Decimal numbers are also used, e.g. B. to “give a face” to numbers in concepts and / or presentations, to be placeholders, but at the same time to show everyone understandably that the specific value of the number is completely irrelevant. The programmers like to choose the value 42 , which is proclaimed in the SF novel The Hitchhiker's Guide to the Galaxy by an omniscient computer as the solution to all problems. Other examples are well-known “commonplace numbers” such as “ 08/15 ” (German machine gun from the world wars) or “ 4711 ” (well-known perfume brand ).
Example: » The customer“ 4711 ”orders the article“ 08/15 ”. Another customer "42" also orders this article.
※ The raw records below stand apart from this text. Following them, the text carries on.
Lemma energy_min P Q : inD P -> inD Q -> P <> Q ->
  radial_energy g (crit_a g) (crit_b g) <= energy g P Q /\
  (energy g P Q <= radial_energy g (crit_a g) (crit_b g) ->
   exists t, 0 <= t < 2 * PI /\
     P = pscale (crit_a g) (cos t, sin t) /\ Q = pscale (- crit_b g) (cos t, sin t)).
Proof.
  intros HP HQ Hne.
  pose proof (crit_radii_critical g g_pos) as Hcrit.
  destruct (crit_radii_critical g g_pos) as [Ha [Hb _]].
  destruct (radial_le_energy g P Q g_pos (inD_nsq P HP) (inD_nsq Q HQ) Hne) as [Hradial Hdot].
  assert (0 <= norm2 P) by apply sqrt_pos. assert (0 <= norm2 Q) by apply sqrt_pos.
  destruct (radial_energy_min g _ _ g_pos Hcrit (norm2 P) (norm2 Q)
              ltac:(unfold inD in HP; lra) ltac:(unfold inD in HQ; lra) (norm2_add_pos P Q Hne))
    as [Hmin Hunique].
  split; [lra |].
  intros Hle. destruct (Hunique ltac:(lra)) as [NP NQ].
  destruct (polar_form P (crit_a g) NP ltac:(lra)) as [t [Ht EP]].
  exists t. split; [exact Ht | split; [exact EP |]].
  rewrite NP, NQ in Hdot.
  rewrite (anti_aligned_scale P Q (crit_a g) (crit_b g) NP NQ ltac:(lra) ltac:(apply Hdot; lra)), EP.
  unfold pscale; cbn [fst snd]. f_equal; field; lra.
Qed.

End Minimizers.

Theorem propositionA1 :
  exists p q : R -> R,
    (forall gamma : R, 0 < gamma ->
       0 < p gamma < 1 /\ -1 < q gamma < 0) /\
    (forall k1 k2 : R, 0 < k1 -> k2 < 0 ->
       let gamma := - k2 / k1 in
       forall P Q : pt,
         is_min_point k1 k2 P Q <->
         (inD P /\ inD Q /\
          exists theta : R, 0 <= theta < 2 * PI /\
            P = pscale (p gamma) (cos theta, sin theta) /\
            Q = pscale (q gamma) (cos theta, sin theta))) /\
    p 1 = sqrt (sqrt 5 - 2) /\ q 1 = - sqrt (sqrt 5 - 2).
Proof.
  exists crit_a, (fun g => - crit_b g).
  split; [| split; [| split]].
  - intros g Hg. destruct (crit_radii_critical g Hg) as [Ha [Hb _]]. lra.
  - intros k1 k2 Hk1 Hk2 g P Q.
    assert (Hg : 0 < g) by (apply Rdiv_lt_0_compat; lra).
    assert (Hscale : 0 < k1 ^ 2 / (2 * PI))
      by (pose proof PI_RGT_0; apply Rdiv_lt_0_compat; nra).
    split.
    + intros [HP [HQ [Hne Hmin]]].
      destruct (polar_pair_energy g Hg 0) as [HP0 [HQ0 [Hne0 HE0]]].
      specialize (Hmin _ _ HP0 HQ0 Hne0).
      rewrite !H2_energy in Hmin by assumption.
      apply Rmult_le_reg_l in Hmin; [| exact Hscale].
      split; [exact HP | split; [exact HQ |]].
      apply (energy_min g Hg P Q HP HQ Hne). rewrite <- HE0. exact Hmin.
    + intros [HP [HQ [t [Ht [-> ->]]]]].
      destruct (polar_pair_energy g Hg t) as [_ [_ [Hne HE]]].
      split; [exact HP | split; [exact HQ | split; [exact Hne |]]].
      intros P' Q' HP' HQ' Hne'.
      rewrite !H2_energy by assumption.
      apply Rmult_le_compat_l; [lra |].
      fold g. rewrite HE. apply (energy_min g Hg P' Q' HP' HQ' Hne').
  - exact crit_a_one.
  - rewrite crit_b_one. reflexivity.
Qed.
(* $P_4$ divides $Q_q$ for every integer $q\geq 4$, and $P_8$ divides $Q_q$ for every integer $q\geq 8$.
   Context: $Q_q$ denotes the $q$-dimensional hypercube graph (vertices are $q$-tuples of $0$'s and $1$'s, adjacent iff they differ in exactly one coordinate). $P_m$ denotes the path with $m$ edges. For graphs $H$ and $G$, ''$H$ divides $G$'' means there is a collection of subgraphs $H_i$ of $G$, each isomorphic to $H$, such that $E(G)$ is the disjoint union of the edge sets $E(H_i)$. *)

From mathcomp Require Import all_boot.
Set Implicit Arguments. Unset Strict Implicit. Unset Printing Implicit Defensive.

(* A simple graph is a symmetric irreflexive relation on a finite vertex type. *)

Definition edges (V : finType) (g : rel V) : {set {set V}} :=
  [set [set x; y] | x in V, y in V & g x y].

Definition emb_edges (V1 V2 : finType) (h : rel V1) (f : V1 -> V2)
  : {set {set V2}} :=
  [set [set f x; f y] | x in V1, y in V1 & h x y].

(* f is an injective graph homomorphism H -> G; its image is a subgraph of G
   isomorphic to H (with edge set emb_edges h f), and every subgraph of G
   isomorphic to H arises this way. *)
Definition embedding (V1 V2 : finType) (h : rel V1) (g : rel V2)
  (f : V1 -> V2) : Prop :=
  injective f /\ (forall x y, h x y -> g (f x) (f y)).

Definition divides (V1 V2 : finType) (h : rel V1) (g : rel V2) : Prop :=
  exists (n : nat) (fs : 'I_n -> V1 -> V2),
    (forall i, embedding h g (fs i)) /\
    (forall i j, i != j -> [disjoint emb_edges h (fs i) & emb_edges h (fs j)]) /\
    \bigcup_(i < n) emb_edges h (fs i) = edges g.

Definition cube_rel (q : nat) : rel {ffun 'I_q -> bool} :=
  fun u v => #|[set i | u i != v i]| == 1.

(* Path P_m with m edges: vertices 0..m, i ~ i+1. *)
Definition path_rel (m : nat) : rel 'I_m.+1 :=
  fun i j => (i.+1 == j :> nat) || (j.+1 == i :> nat).
Arguments path_rel m : clear implicits.
Arguments cube_rel q : clear implicits.

(* Q_(a+b) is the Cartesian product of Q_a and Q_b: two vertices are adjacent iff they agree
   on one block of coordinates and are adjacent on the other.  So if a graph H decomposes both
   Q_a and Q_b, copying the decomposition of Q_a into every layer Q_a x {w} and that of Q_b into
   every layer {u} x Q_b decomposes Q_(a+b).  The q for which P_m divides Q_q are therefore
   closed under addition, and the theorem reduces to the base cases P_4 | Q_q for q = 4,...,7
   and P_8 | Q_q for q = 4, 6, 9, 11 (8 = 4 + 4, 10 = 4 + 6), which are checked by computation
   on explicit decompositions. *)

From Stdlib Require Import BinNat.
From mathcomp Require Import all_boot all_order zify.
Set Implicit Arguments. Unset Strict Implicit. Unset Printing Implicit Defensive.

Lemma set2_eq (T : finType) (a b c d : T) :
  [set a; b] = [set c; d] -> (a = c /\ b = d) \/ (a = d /\ b = c).
Proof.
move=> E.
have : a \in [set c; d] by rewrite -E set21.
have : b \in [set c; d] by rewrite -E set22.
move=> /set2P [] Eb /set2P [] Ea; subst a b; auto.
- have : d \in [set c; c] by rewrite E set22.
  by move=> /set2P [] ->; auto.
- have : c \in [set d; d] by rewrite E set21.
  by move=> /set2P [] ->; auto.
Qed.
What should happen if only one item “08/15” is in stock? «

Magic numbers in code

The term magic number ( English ' magic number ' , often also ' hard coded value ' ) also describes the bad programming style of writing values ​​directly between the commands of the source code . In many cases, this makes program code more difficult to read and incomprehensible. It is usually better to define numbers with meaning as constants and thus to give them a meaningful name. In addition, such a number is easier to change throughout the code, since other numbers often depend on it.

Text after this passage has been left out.